100% in support for unethical and uncompetive actions? Ok, then I at least know where I have you and it certainly seams that my fear about nVidia going the same way as Intel and M$ is somewhat grounded.

Originally posted by mcraighead:
[b]If you buy an ASUS motherboard with an Intel chipset, do you go to Intel for support or ASUS? Clearly you go to ASUS first, and Intel only if ASUS can’t help you. No one complains that Intel should provide direct end-user support for their motherboards. (True, motherboards are different in many ways, but the basic idea is the same.)

  • Matt[/b]

Sure, I’d go to Asus first, but I’d need to go to Intel to get new chipset drivers. And I’d expect support from Intel if the I had problems with them. The same would go for reference drivers from nVidia.

mcraighead = nVidia?

Are Matt’s views necessarily those of NV? I don’t think it’s really fair to attack NV on the basis of one engineer’s opinions. I’m sure not everyone at NV share Matt’s views.

And I don’t see how NV is moving towards being some evil corporation, doing unethical things to sell a product that really sells itself based on its own merits. They’re not the underdog anymore, but they’re also not stagnating or cheating to stay on top.

Damn, and I thought I was going to learn something about per-pixel lighting.

The thread should change to per-pixel bashing.

No, my views definitely do not represent those of everyone at NVIDIA. They represent my personal political views, which are generally considered extremely “radical” in today’s political environment. (read Ayn Rand: “Capitalism: The Unknown Ideal” if you want to know more about how I feel about these things)

I do not claim that it is a correct decision to do something “unethical”. I merely claim that I will not go crying about it, simply because it violates someone’s code of “fair business practices” (which are in the eye of the beholder, of course). The correct decision, in my opinion, for any business is the decision that maximizes profits – other criteria are not relevant to running a business.

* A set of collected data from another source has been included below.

Definition disjoint01 (x y : R -> R) : Prop :=
  mu ([set t | I01 t /\ x t != 0 /\ y t != 0]) = 0%E.

Definition lin_span (xs : nat -> R -> R) : set (R -> R) :=
  [set y | exists (k : nat) (a : nat -> R),
     y = fun t => \sum_(i < k) a i * xs i t].

Definition closed_span_lorentz dphi (xs : nat -> R -> R) : set (R -> R) :=
  [set x | in_lorentz dphi x /\ forall e : R, 0 < e -> exists y, lin_span xs y /\
     (lorentz_norm dphi (fun t => (x t - y t)%R) < e%:E)%E].

(* The inclusion I : Lambda(phi) -> F (assumed to land in F) is DSS:
   no sequence of nonzero pairwise disjoint x_n in Lambda(phi) on whose closed
   linear span I is an isomorphism onto its image (i.e. bounded below). *)
Definition inclusion_DSS dphi (N : (R -> R) -> R) : Prop :=
  ~ exists xs : nat -> R -> R,
      [/\ (forall n, in_lorentz dphi (xs n)),
          (forall n, ~ ae_zero01 (xs n)),
          (forall n m, n <> m -> disjoint01 (xs n) (xs m)) &
          exists c : R, 0 < c /\ forall x, closed_span_lorentz dphi xs x ->
             ((c%:E * lorentz_norm dphi x)%E <= (N x)%:E)%E].

End Defs.

(* Slice |x| into layers of height h: |x| <= sup_M sum_(j < M) h 1_{|x| > j h}, and
   ||1_{|x| > j h}||_F = psi(mu{|x| > j h}).  If psi <= K phi on (0, d], where d is the
   measure of the support of x, the F-norms of these layer sums are bounded by
   h psi(1) + K sum_j h phi(mu{|x| > (j+1) h}), and the last sum is a lower Riemann sum
   of int x^* dphi.  So the layer sums are Cauchy in F, and completeness together with
   the lattice property gives x in F with ||x||_F <= K ||x||_Lambda(phi) (let h -> 0).
   Since psi/phi -> 0 at 0, K is arbitrarily small for small d, and any sequence of
   pairwise disjoint functions on [0,1] has members with supports of arbitrarily small
   measure: the inclusion is not bounded below on the span of a disjoint sequence. *)

From HB Require Import structures.
From mathcomp Require Import all_boot all_order all_algebra.
From mathcomp Require Import all_classical all_reals all_analysis.
From mathcomp Require Import lra.
Set Implicit Arguments.
Unset Strict Implicit.
Unset Printing Implicit Defensive.

Import Order.TTheory GRing.Theory Num.Theory.
Import numFieldNormedType.Exports.
Local Open Scope classical_set_scope.
Local Open Scope ring_scope.

Arguments I01 {R}.

(* Unlike [le_measure], no measurability is needed: off the measurable sets
   [lebesgue_measure] is the outer measure. *)
Lemma le_lebesgue_measure {R : realType} {A B : set R} :
  A `<=` B -> (lebesgue_measure A <= lebesgue_measure B)%E.
Proof.
by move=> AB; rewrite /lebesgue_measure /lebesgue_stieltjes_measure /measure_extension /=;
  exact: le_outer_measure.
Qed.

Lemma lebesgue_measure_cover0 (R : realType) (A : set R) (F : nat -> set R) :
  A `<=` \bigcup_n F n -> (forall n, lebesgue_measure (F n) = 0%E) ->
  lebesgue_measure A = 0%E.
Proof.
move=> AF F0; apply/eqP; rewrite eq_le measure_ge0 andbT.
apply: (le_trans (le_lebesgue_measure AF)).
apply: (@le_trans _ _ (\sum_(0 <= n <oo) lebesgue_measure (F n))%E); last first.
  by rewrite eseries0.
rewrite /lebesgue_measure /lebesgue_stieltjes_measure /measure_extension /=.
exact: outer_measure_sigma_subadditive.
Qed.

(* The rearrangement [xstar x] is integrated without ever being shown measurable. *)
Lemma ge0_le_integral_nonmeas d (T : measurableType d) (R : realType)
    (mu : {measure set T -> \bar R}) (D : set T) (f1 f2 : T -> \bar R) :
  (forall t, D t -> (0 <= f1 t)%E) -> (forall t, D t -> (f1 t <= f2 t)%E) ->
  (\int[mu]_(t in D) f1 t <= \int[mu]_(t in D) f2 t)%E.
Proof.
move=> f10 f12.
have f20 t : D t -> (0 <= f2 t)%E by move=> Dt; exact: le_trans (f10 _ Dt) (f12 _ Dt).
rewrite !ge0_integralE //.
apply: ge_ereal_sup => _ [h Hh <-]; apply: ereal_sup_ubound; exists h => //= t.
exact: le_trans (Hh t) (lee_restrict _ _).
Qed.

Section Distribution.
Variable R : realType.
Local Notation mu := (@lebesgue_measure R).
Implicit Types (x : R -> R) (tau : R).

Lemma lebesgue_I01 : mu I01 = 1%:E.
Proof. by rewrite /I01 lebesgue_measure_itv /= lte_fin ltr01 sube0. Qed.

Definition level_set x tau : set R := [set t | I01 t /\ tau < `|x t|].

Definition distribr x tau : R := fine (distrib x tau).

Lemma distribE x tau : distrib x tau = mu (level_set x tau).
Proof. by []. Qed.

Lemma distrib_le1 x tau : (distrib x tau <= 1%:E)%E.
Proof. by rewrite -lebesgue_I01; apply: le_lebesgue_measure => t []. Qed.
Lemma spin_gen_pair i j :
  i != j -> spin_gen R i j = blade (2%:R * clsign R [set i] [set j]) [set i; j].
Proof.
move=> ij; rewrite spin_gen_blade (clsign_set1C R ij) symdiff_set1 //.
by rewrite opprK mulr2n mulrDl !mul1r.
Qed.

Lemma piAd_blade c D :
  piAd (blade c D) = \matrix_(k, l)
    (c * (clsign R D [set l] - clsign R [set l] D) * (symdiff D [set l] == [set k])%:R).
Proof. by apply/matrixP => k l; rewrite !mxE cle_blade clcomm_blade ffunE mulr1. Qed.

Lemma piAd_spin_gen i j : piAd (spin_gen R i j) = 4%:R *: (delta_mx j i - delta_mx i j).
Proof.
have [<-|ij] := eqVneq i j.
  apply/matrixP => k l.
  by rewrite spin_gen_blade subrr piAd_blade !mxE subrr !mul0r mulr0.
rewrite spin_gen_pair // piAd_blade; apply/matrixP => k l; rewrite !mxE.
have ij' : i \notin [set j] by rewrite inE.
have ji : j \notin [set i] by rewrite inE eq_sym.
rewrite clsignU1l // clsignU1r //.
have s_sign : clsign R [set i] [set j] = 1 \/ clsign R [set i] [set j] = -1.
  by rewrite clsign_set1; case: (j <= i)%N; [right; rewrite expr1 | left; rewrite expr0].
have [->|li] := eqVneq l i.
  rewrite clsign_set1_id (clsign_set1C R ij) symdiff_setU1 //.
  rewrite (inj_eq set1_inj) eq_sym (negbTE ij) andbT andbF subr0.
  by case: s_sign => ->; ring.
have [->|lj] := eqVneq l j.
  rewrite clsign_set1_id (clsign_set1C R ij) setUC symdiff_setU1 //.
  rewrite (inj_eq set1_inj) eq_sym andbT andbF sub0r.
  by case: s_sign => ->; ring.
(* For l outside {i, j}, e_i e_j commutes with e_l. *)
rewrite (clsign_set1C R li) (clsign_set1C R lj) mulrNN subrr.
by rewrite !andbF subrr !mulr0 mul0r.
Qed.

Lemma form_delta_mx (u v : 'cV[R]_n) i j :
  (u^T *m delta_mx i j *m v) 0 0 = u i 0 * v j 0.
Proof.
rewrite -(mul_delta_mx (0 : 'I_1)) mulmxA -colE -mulmxA -rowE.
by rewrite !mxE big_ord1 !mxE.
Qed.
Lemma zero_prefix_marks_conn j z : z <> zero_prefix (N j) w -> z <> zero_prefix (N j.+1) w ->
  conn_in (@adj p) (fun a => a <> z) (zero_prefix (N j) w) (zero_prefix (N j.+1) w).
Proof.
have [N_inc w0 wS wmid] := marks.
set M := N j.+1; move=> zj zj1.
have [n nM en] : exists2 n, n < 2 ^ M & odometer (w (N j)) M w n = zero_prefix (N j) w.
  apply: odometer_surj => [k Mk|k kM].
    by rewrite /zero_prefix ltnNge (leq_trans (ltnW (N_inc j)) Mk).
  rewrite /zero_prefix; case: ltngtP => [kj|jk|->]; [by left | | by right].
  by apply: wmid; rewrite jk.
rewrite -en -(odometer_last (w (N j))).
apply: conn_in_odometer_avoid; rewrite ?en ?odometer_last //.
- exact: w0.
- exact: wS.
- by rewrite prednK ?expn_gt0.
- by move/esym.
- by move/esym.
Qed.

Lemma zero_prefix_marks_chain j n z : (forall i : nat, z <> zero_prefix (N i) w) ->
  conn_in (@adj p) (fun a => a <> z) (zero_prefix (N j) w) (zero_prefix (N (j + n)) w).
Proof.
move=> zN; elim: n => [|n IH]; first by rewrite addn0; apply: rt_refl.
by apply: rt_trans IH _; rewrite addnS; exact: (zero_prefix_marks_conn (zN _) (zN _)).
Qed.

Lemma cut_size_lobe x J j : reach w x -> agree_from (N J) w x -> J <= j ->
  cut_size (@adj p) (reach w) x (lobe_card (N j.+1)).
Proof.
have [_ w0 wS _] := marks.
move=> wx xJ Jj; have Lx := lobe_of_agree xJ Jj.
exists (zero_prefix (N j.+1) w); split.
- exact: rt_trans wx (conn_in_rt (lobe_conn_cut (w0 j) (w0 j.+1) (wS j) Lx)).
- by move=> e; move: Lx; rewrite -e; apply: zero_prefix_not_lobe.
- exact: (lobe_component (w0 j) (w0 j.+1) (wS j) Lx).
Qed.

Lemma cut_sizes_eventually x : reach w x -> exists B, forall n, B < n ->
  cut_size (@adj p) (reach w) x n <-> exists j, lobe_card (N j) = n.
Proof.
have [_ w0 wS _] := marks.
move=> wx; have [J xJ] := orbit_agree wx.
have [l lP] : exists l, forall z, agree_from (N J.+1) w z -> In z l.
  by have [l [_ _ Pl]] := agree_has_card (N J.+1) w; exists l => z /Pl.
have [B HB] := has_card_bounded (fun z => conn_in (@adj p) (fun a => a <> z) x) l.
exists (maxn B (lobe_card (N J.+1))) => n; rewrite gtn_max => /andP [Bn Jn]; split.
  move=> [z [wz zx Cn]].
  case: (classic (agree_from (N J.+1) w z)) => [zJ|zJ].
    by move: Bn; rewrite ltnNge (HB z n (lP z zJ) Cn).
  case: (classic (exists i : nat, z = zero_prefix (N i) w)) => [[i ez]|notZ].
    have Ji : J.+1 < i.
      rewrite ltnNge; apply/negP => iJ; apply: zJ => k Jk.
      by rewrite ez /zero_prefix ltnNge (leq_trans _ Jk) // marks_leq.
    case: i Ji ez => // i Ji ez; exists i.+1; rewrite ez in Cn; apply: has_card_unique _ Cn.
    by apply: (lobe_component (w0 i) (w0 i.+1) (wS i) (lobe_of_agree xJ _)); rewrite ltnW.
  have zN (i : nat) : z <> zero_prefix (N i) w by move=> e; apply: notZ; exists i.
  exfalso; apply: (has_card_no_inj_seq (h := fun i : nat => zero_prefix (N (J.+1 + i)) w) Cn).
    by move=> i1 i2 /zero_prefix_marks_inj /addnI.
  move=> i; apply: rt_trans (zero_prefix_marks_chain _ _ zN).
  apply: conn_in_mono (lobe_conn_cut (w0 J) (w0 J.+1) (wS J) (lobe_of_agree xJ (leqnn J))).
  by move=> a aJ az; apply: zJ; rewrite -az.
move=> [j jn]; rewrite -jn ltnNge lobe_card_leq marks_leq -ltnNge in Jn.
case: j jn Jn => // j <- Jj; apply: cut_size_lobe wx xJ _.
by rewrite -ltnS ltnW.
Qed.

End Marks.

End Words.

Lemma schreier_iso_graph_iso p (u v : word p) :
  schreier_iso u v -> exists f, graph_iso (@adj p) (reach u) (@adj p) (reach v) f.
Proof.
move=> [f [g [fV [f_inj [f_surj [g_lab [_ [g_surj g_ends]]]]]]]].
exists f; split=> [//|//|y /f_surj [x [ux <-]]|x y ux uy]; first by exists x.
split.
  have fwd a i : reach u a -> i != ord0 -> adj (f a) (f (gen_e i a)).
    move=> ua i0; have [_ j0] := g_lab a i ua i0.
    by exists (g (a, i)).2; split=> //; case: (g_ends a i ua i0) => /= -[<- <-]; [left | right].
  by case=> i [i0 [->|->]]; [apply: fwd | apply: adj_sym; apply: fwd].
have bwd a b j : reach u a -> reach u b -> j != ord0 -> f b = gen_e j (f a) -> adj a b.
  move=> ua ub j0 e; have [a0 [i [ua0 [i0 ga]]]] := g_surj (f a) j (fV a ua) j0.
  have ua0' : reach u (gen_e i a0) by apply: reach_closed ua0 (adj_gen_e _ i0).
  case: (g_ends a0 i ua0 i0); rewrite ga /= => -[e1 e2].
    have -> : a = a0 by apply: f_inj.
    have -> : b = gen_e i a0 by apply: f_inj => //; rewrite e -e2 e1.
    exact: adj_gen_e.
  have -> : a = gen_e i a0 by apply: f_inj.
  have -> : b = a0 by apply: f_inj => //; rewrite e e1 -e1 e2.
  by apply: adj_sym; apply: adj_gen_e.
by case=> j [j0 [e|e]]; [apply: bwd e | apply: adj_sym; apply: bwd e].
Qed.

Theorem lemma4p19 (p : nat) (hp : 1 <= p) (u v : word p) :
  one_ended u -> one_ended v -> schreier_iso u v ->
  forall (k : nat) (a : nat -> 'I_p.+1) (us : nat -> seq 'I_p.+1)
         (k' : nat) (a' : nat -> 'I_p.+1) (us' : nat -> seq 'I_p.+1),
    is_decomp u k a us -> is_decomp v k' a' us' ->
    compatible (cycle_lengths k a us) (cycle_lengths k' a' us').
Proof.
move=> _ _ /schreier_iso_graph_iso [f f_iso] k a us k' a' us' /decomp_marks mu /decomp_marks mv.
set N := fun j => _ in mu; set N' := fun j => _ in mv.
have uu : reach u u := rt_refl _ _ u.
have [Bu HBu] := cut_sizes_eventually mu uu.
have [fV _ _ _] := f_iso.
have [Bv HBv] := cut_sizes_eventually mv (fV u uu).
have lobe_card_marks_inc M (M_inc : forall j, M j < M j.+1) j :
    lobe_card p (M j) < lobe_card p (M j.+1).
  by rewrite ltnNge lobe_card_leq -ltnNge.
have [] : compatible (lobe_card p \o N) (lobe_card p \o N').
  apply: (compatible_of_same_range (B := maxn Bu Bv)) => [j|j|n].
  - by apply: lobe_card_marks_inc; have [] := mu.
  - by apply: lobe_card_marks_inc; have [] := mv.
  - rewrite gtn_max => /andP [Bun Bvn].
    by rewrite -HBu // -HBv //; apply: cut_size_isoE f_iso uu; apply: reach_closed.
move=> l [h lh]; exists l, h => n; rewrite /cycle_lengths; congr (2 ^ _).
exact: lobe_card_inj (lh n).
Qed.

Can we agree to end this thread?

  • Matt

I’m sorry that I went in here and got completely off topic and destroyed this thread ranting about details in nv’s behaviour that’s annoying me … Sorry, my fault.
Sorry to you Matt for all my bashing and that I implied that your political views were nVidias. While I don’t share your political opinions it certainly doesn’t belong to this forum and has absolutely nothing to do with per pixel lighting. I hope we still can have interesting technical discussions without you seeing me as “that guy that always complaining about all and everything”.

Hey, wait, Humus? Don’t I know the name? Wasn’t that the one who kept always complaining about all and everything that Matt said?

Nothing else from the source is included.